(Stored data)
┌────────
Lemma Pset_lump x (V : {set T}) : Pset (sumP M N) x (lump @^-1: V) = Pset (ctP N) (lump x) V.
Proof.
case: x => [s|v]; rewrite ?Pset_inl ?Pset_inr /Pset /=; last first.
  by apply: eq_bigl => w; rewrite !inE.
rewrite (partition_big f (mem V)) => [|t]; last by rewrite !inE.
apply: eq_bigr => v vV; rewrite -lumpP; apply: eq_bigl => t.
by rewrite !inE /= andb_idl // => /eqP ->.
Qed.

Lemma lump_strong_bisimilar : (forall s, ctE M s = ctE N (f s)) ->
  (forall s, ctL M s = ctL N (f s)) -> f (ctinit M) = ctinit N -> strong_bisimilar M N.
Proof.
move=> fE fL f_init; exists lump_rel; split; last exact/eqP.
split=> [x y z|x y /eqP lxy]; first by split=> [|/eqP lxy]; rewrite /lump_rel ?lxy.
have sumL_lump z : sumL M N z = ctL N (lump z) by case: z.
have sumE_lump z : sumE M N z = ctE N (lump z) by case: z.
have class_lump u : [set t | lump_rel u t] = lump @^-1: [set lump u].
  by apply/setP => t; rewrite !inE eq_sym.
by split=> [||u]; rewrite ?sumL_lump ?sumE_lump ?class_lump ?Pset_lump lxy.
Qed.

End Lumping.

Lemma ed_bisimilar_rates (R : realType) (AP : Type) (S : finType) (M N : ctmc R AP S)
    (delta : R) : ctP M =2 ctP N -> ctL M =1 ctL N -> ctinit M = ctinit N ->
  (forall s, `|ln (ctE M s) - ln (ctE N s)| <= delta) -> ed_bisimilar 0 delta M N.
Proof.
move=> eq_P eq_L eq_init le_delta.
have lumpP s v : \sum_(t | id t == v) ctP M s t = ctP N (id s) v.
  by rewrite big_pred1_eq eq_P.
have delta_ge0 : 0 <= delta := le_trans (normr_ge0 _) (le_delta (ctinit M)).
have lump_refl := @lump_rel_refl _ _ (@id S).
exists (lump_rel id); split; last by rewrite /lump_rel /= eq_init.
split; first exact: lump_refl.
split=> [x y|x y /eqP lxy]; first exact: eq_sym.
split=> [||A].
- by case: x y lxy => s [t|t] /= <-; rewrite ?eq_L.
- by case: x y lxy => [s|s] [t|t] /= <-; rewrite ?subrr ?normr0 // distrC.
- rewrite addr0; apply: le_trans (Pset_rel_image _ _ (@sumP_ge0 _ _ _ _ M N) lump_refl) _.
  by rewrite rel_image_lump !(Pset_lump lumpP) lxy.
Qed.

Section CoupledChain.
Variables (R : realType) (AP : Type) (SM SN : finType).
Variables (M : ctmc R AP SM) (N : ctmc R AP SN) (Rc : SM -> SN -> bool).
Variable pi : SM * SN -> SM -> SN -> R.
Hypothesis pi_coupling : forall p, coupling (ctP M p.1) (ctP N p.2) (pi p).

Definition coupledP (p q : SM * SN) := pi p q.1 q.2.

Lemma coupledP_ge0 p q : 0 <= coupledP p q.
Proof. by have [pi_ge0 _ _] := pi_coupling p; apply: pi_ge0. Qed.

Lemma coupledP_sum1 p : \sum_q coupledP p q = 1.
Proof.
have [_ row _] := pi_coupling p; rewrite -(ctP_sum1 M p.1) -(pair_bigA _ (pi p)).
by apply: eq_bigr => x _; rewrite row.
Qed.

Definition coupled_rateM (p : SM * SN) := if Rc p.1 p.2 then ctE M p.1 else ctE N p.2.

Lemma coupled_rateM_gt0 p : 0 < coupled_rateM p.
Proof. by rewrite /coupled_rateM; case: ifP => _; apply: ctE_gt0. Qed.

Definition coupled_M : ctmc R AP (SM * SN)%type :=
  Ctmc (ctinit M, ctinit N) (fun p => ctL N p.2) coupledP_ge0 coupledP_sum1 coupled_rateM_gt0.

Definition coupled_N : ctmc R AP (SM * SN)%type :=
  Ctmc (ctinit M, ctinit N) (fun p => ctL N p.2) coupledP_ge0 coupledP_sum1
    (fun p => ctE_gt0 N p.2).

Lemma coupled_same_graph : same_graph coupled_M coupled_N.
Proof. by []. Qed.

Lemma coupled_N_strong_bisimilar : strong_bisimilar coupled_N N.
Proof.
apply: (@lump_strong_bisimilar _ _ snd) => // p v.
have [_ _ col] := pi_coupling p; rewrite -col.
rewrite [RHS](eq_bigr (fun x => \sum_(y | y == v) pi p x y)) => [|x _]; last first.
  by rewrite big_pred1_eq.
by rewrite pair_big.
Qed.

Lemma coupled_ed_bisimilar (delta : R) : 0 <= delta ->
  (forall m n, Rc m n -> `|ln (ctE M m) - ln (ctE N n)| <= delta) ->
  ed_bisimilar 0 delta coupled_M coupled_N.
Proof.
move=> delta_ge0 Rc_E; apply: ed_bisimilar_rates => // p.
by rewrite /= /coupled_rateM; case: ifP => [/Rc_E //|_]; rewrite subrr normr0.
Qed.

Variable eps : R.
Hypothesis pi_off : forall p, Rc p.1 p.2 -> off_mass Rc (pi p) <= eps.

Definition proj_link (x y : SM + SM * SN) :=
  match x, y with inl m, inr p => (p.1 == m) && Rc m p.2 | _, _ => false end.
└────────
◆ What you should do ◆
Produce an exact copy of the lines from the one containing "Proof. by []. Qed." through the final line of the data, both ends included, and only those.

◆ Your response ◆
Proof. by []. Qed.

Lemma coupled_N_strong_bisimilar : strong_bisimilar coupled_N N.
Proof.
apply: (@lump_strong_bisimilar _ _ snd) => // p v.
have [_ _ col] := pi_coupling p; rewrite -col.
rewrite [RHS](eq_bigr (fun x => \sum_(y | y == v) pi p x y)) => [|x _]; last first.
  by rewrite big_pred1_eq.
by rewrite pair_big.
Qed.

Lemma coupled_ed_bisimilar (delta : R) : 0 <= delta ->
  (forall m n, Rc m n -> `|ln (ctE M m) - ln (ctE N n)| <= delta) ->
  ed_bisimilar 0 delta coupled_M coupled_N.
Proof.
move=> delta_ge0 Rc_E; apply: ed_bisimilar_rates => // p.
by rewrite /= /coupled_rateM; case: ifP => [/Rc_E //|_]; rewrite subrr normr0.
Qed.

Variable eps : R.
Hypothesis pi_off : forall p, Rc p.1 p.2 -> off_mass Rc (pi p) <= eps.

Definition proj_link (x y : SM + SM * SN) :=
  match x, y with inl m, inr p => (p.1 == m) && Rc m p.2 | _, _ => false end.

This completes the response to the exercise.